Variational study of the magnetization plateaus of the spin-$\frac{1}{2}$ kagome Heisenberg antiferromagnet and its implication on YCOB

Numerical simulations find that there are multiple plateaus in the magnetization curve of the spin-$\frac{1}{2}$ Kagome antiferromagnetic Heisenberg model(KAFH) at fractional magnetization $m=1/9,1/3,5/9,7/9$. While it is well known that the $m=1/3,5/9,7/9$ plateau feature a $\sqrt{3}\times\sqrt{3}$ valence bond crystal(VBC) ordering pattern with a David-star-shaped motif, the origin of the narrow plateau at $m=1/9$ remains elusive. Some researchers claim that a subtle translational symmetry breaking pattern with the same $\sqrt{3}\times\sqrt{3}$ periodicity occurs at the $m=1/9$ plateau.

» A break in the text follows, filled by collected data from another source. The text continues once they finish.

(* Let $E$ be a crossed module extension of $\Pi_0$ with $\Pi_1$, $(s^1,s^0)$ a section system for $E$, and $M$ an abelian $\Pi_0$-module. (a) For every pointed $2$-cocycle $z\in Z^2_{\mathrm{pt}}(E,M)$ we have $z^{\mathrm{std}}_M(m)=z_M(m[m]^{-1})$ for $m\in M_E$, and for $g,h\in G_E$ \[z^{\mathrm{std}}_G(h,g)=z_M\big([h[\bar h]^{-1}]^{-1}\,{}^h([g[\bar g]^{-1}]^{-1})\,[hg[\overline{hg}]^{-1}]\big)-z_G\big(\mu([\bar h,\bar g]),[\bar h\bar g]\big)+z_G([\bar h],[\bar g]).\] (b) For every pointed $2$-coboundary $b\in B^2_{\mathrm{pt}}(E,M)$ we have $b^{\mathrm{std}}_M=0$, and if $c\in C^1_{\mathrm{pt}}(E,M)$ with $b=dc$, then $b^{\mathrm{std}}_G(h,g)=(dc_0)(\bar h,\bar g)$ for $g,h\in G_E$, where $c_0\in C^1(\Pi_0,M)$ is $c_0(p)=c([p])$.
   Context: Let $\Pi_0$ be a group, $\Pi_1$ an abelian $\Pi_0$-module (written multiplicatively), $M$ an abelian $\Pi_0$-module (additive). A crossed module is $(G_V,M_V,\mu)$ with left action ${}^gm$ of $G_V$ on $M_V$, $\mu({}^gm)=g\mu(m)g^{-1}$, ${}^{\mu(n)}m=nmn^{-1}$. A crossed module extension $E$ of $\Pi_0$ with $\Pi_1$ is a crossed module $(G_E,M_E,\mu)$ with a monomorphism $\iota:\Pi_1\to M_E$ and epimorphism $\pi:G_E\to\Pi_0$ such that $\Pi_1\to M_E\to G_E\to\Pi_0$ is exact and ${}^g\iota(k)=\iota(\pi(g)\cdot k)$. Write $\bar g=\pi(g)$; $M$ is a $G_E$-module via $\pi$. A section system $(s^1,s^0)$: maps $s^0:\Pi_0\to G_E$ with $s^0(1)=1$, $\pi s^0=\mathrm{id}$, and $s^1:\mu(M_E)\to M_E$ with $s^1(1)=1$, $\mu s^1=\mathrm{id}$. Notation: $[p]:=s^0(p)$; $[x]:=s^1(x)$ for $x\in\mu(M_E)=\ker\pi$ (e.g. $[h[\bar h]^{-1}]=s^1(hs^0(\bar h)^{-1})$); $[m]:=s^1(\mu(m))$ for $m\in M_E$; $[q,p]:=s^1([q][p][qp]^{-1})$. Cochains of $E$: $C^1(E,M)=\mathrm{Map}(G_E,M)$, $C^2(E,M)=\mathrm{Map}(M_E\times G_E\times G_E,M)$, $(dc)(m,h,g)=c(\mu(m)h)-c(hg)+\bar h\cdot c(g)$, $(dc)(p,n,k,m,h,g)=c(p,\mu(n)k,\mu(m)h)-c(pn,k,hg)+c(n\,{}^km,kh,g)-\bar k\cdot c(m,h,g)$ on $C^2$; pointed means $c(1)=0$ resp. $c(1,1,1)=0$; $Z^2_{\mathrm{pt}}=Z^2\cap C^2_{\mathrm{pt}}$, $B^2_{\mathrm{pt}}=B^2\cap C^2_{\mathrm{pt}}$. Module and group parts: $c_M(m)=c(m,1,1)$, $c_G(h,g)=c(1,h,g)$; for $m\in M_E$ we write $c_G(m,h)$ for $c_G(\mu(m),h)$. Standardisation: for $z\in Z^2_{\mathrm{pt}}(E,M)$, $\sigma_z\in C^1_{\mathrm{pt}}(E,M)$ is $\sigma_z(g)=z([g[\bar g]^{-1}],[\bar g],1)$ and $z^{\mathrm{std}}:=z-d\sigma_z$. Group cochain differential: $(dc_0)(h,g)=c_0(h)-c_0(hg)+h\cdot c_0(g)$. *)

From HB Require Import structures.
From mathcomp Require Import all_boot all_algebra.
Set Implicit Arguments. Unset Strict Implicit. Unset Printing Implicit Defensive.
Import GRing.Theory.
Local Open Scope ring_scope.

Record group := Group {
  gcar :> Type;
  gmul : gcar -> gcar -> gcar;
  gone : gcar;
  ginv : gcar -> gcar;
  gmulA : forall x y z, gmul x (gmul y z) = gmul (gmul x y) z;
  gmul1g : forall x, gmul gone x = x;
  gmulg1 : forall x, gmul x gone = x;
  gmulVg : forall x, gmul (ginv x) x = gone;
  gmulgV : forall x, gmul x (ginv x) = gone }.
Arguments gmul {g}. Arguments gone {g}. Arguments ginv {g}.
Infix "**" := gmul (at level 40, left associativity).

Definition is_hom (G H : group) (f : G -> H) := forall x y, f (x ** y) = f x ** f y.

Definition is_aut_action (G X : group) (act : G -> X -> X) :=
  [/\ forall x, act gone x = x,
      forall g h x, act (g ** h) x = act g (act h x) &
      forall g x y, act g (x ** y) = act g x ** act g y].

Definition abelian_module (Pi0 Pi1 : group) (act : Pi0 -> Pi1 -> Pi1) :=
  (forall k l : Pi1, k ** l = l ** k) /\ is_aut_action act.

On the other hand, it has also been argued that the $m=1/9$ plateau may harbor a novel $Z_{3}$ chiral spin liquid phase. To resolve this controversy, we have proposed the most general variational ansatz based on the resonating valence bond(RVB) picture that is consistent with the spin symmetry of the system and developed a new algorithm to optimize such a complicated ansatz. We find that a peculiar VBC state with a $3\times3$ periodicity and a windmill-shaped motif has significantly lower energy than the claimed $Z_{3}$ chiral spin liquid state and other proposed VBC states around the $m=1/9$ plateau. We find that there are strong spatial modulation in the local magnetization at the $1/9$ plateau, so strong that even its polarization can be reversed. Our general RVB ansatz also well reproduces all other more conventional magnetization plateaus of the spin-$\frac{1}{2}$ KAFH. We find that the local magnetization is always strongly inhomogeneous below the saturating field for such a strongly frustrated quantum magnet.